Clinicobiological features and prognostic impact of diffuse large B-cell lymphoma component in the outcome of patients with previously untreated follicular lymphoma.

Author information

Department of Hematology, Hospital Clínic, Institut d'Investigacions Biomèdiques August Pi i Sunyer (IDIBAPS), Barcelona.
Hematopathology Unit, Department of Pathology, Hospital Clínic, IDIBAPS, University of Barcelona, Barcelona.
CIBERONC, Barcelona.
Department of Pathology, Hospital Clínic, IDIBAPS, University of Barcelona, Barcelona, Spain.
Department of Pathology and Cell Biology, Graduate School of Medicine, University of the Ryukyus.
Faculty of Medicine, University of the Ryukyus, Japan.
Genomics Unit, IDIBAPS, Barcelona, Spain.



The co-existence at diagnosis of follicular lymphoma (FL) and diffuse large B-cell lymphoma (DLBCL) components (FL/DLBCL) has been considered a transformed lymphoma and accordingly treated although clinicobiological information on these patients is scarce. The aim of this study was to analyze the initial features and outcome of FL/DLBCL patients in the rituximab era.

Patients and methods:

All patients consecutively diagnosed at a single institution with FL/DLBCL (n = 40), as well as those with pure FL (n = 328) or de novo DLBCL (n = 510) as controls.

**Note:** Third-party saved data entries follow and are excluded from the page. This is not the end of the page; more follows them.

Theorem proposition3p3 (A : R) (hA : 0 < A) (c0 c1 : R -> R * R)
  (h0 : is_imm c0) (h1 : is_imm c1) :
  Rbar_le (Finite (sqrt (ell c1) - sqrt (ell c0)))
          (Rbar_mult (Finite (/ (2 * sqrt A))) (distBi A c0 c1)).
Proof.
  apply Rbar_le_mult_Glb_Rbar.
  - apply Rinv_0_lt_compat. pose proof (sqrt_lt_R0 A hA). lra.
  - intros L (c & (hX & hY & hper & hreg) & o0 & o1 & ->).
    rewrite <- (ell_same_orbit c0 (c 0)), <- (ell_same_orbit c1 (c 1)) by auto.
    apply sqrt_ell_sub_le_Lhor; auto.
Qed.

The proportion of the DLBCL component was highly variable (median 50%). In 29 FL/DLBCL cases analyzed, the cell of origin was GCB in 86%, ABC in 10% and unclassifiable in 4%. NOTCH1-2 was mutated in 10% of these cases. The proportion of DLBCL component did not impact on overall survival (OS). Regarding initial characteristics, patients with FL/DLBCL were closer to FL in terms of primary nodal origin, good performance status and advanced stage, whereas the other features were intermediate between FL and DLBCL. FL/DLBCL patients were treated as DLBCL with no further intensification. Complete response and primary refractory rates were 65% and 20%, respectively, with these figures being similar to DLBCL and worse than FL. Progression-free survival and OS were intermediate between FL and DLBCL (5-year OS: 85%, 73% and 63% for FL, FL/DLBCL and DLBCL, respectively). FL/DLBCL histology did not reach independent prognostic value for OS in the multivariate analyses.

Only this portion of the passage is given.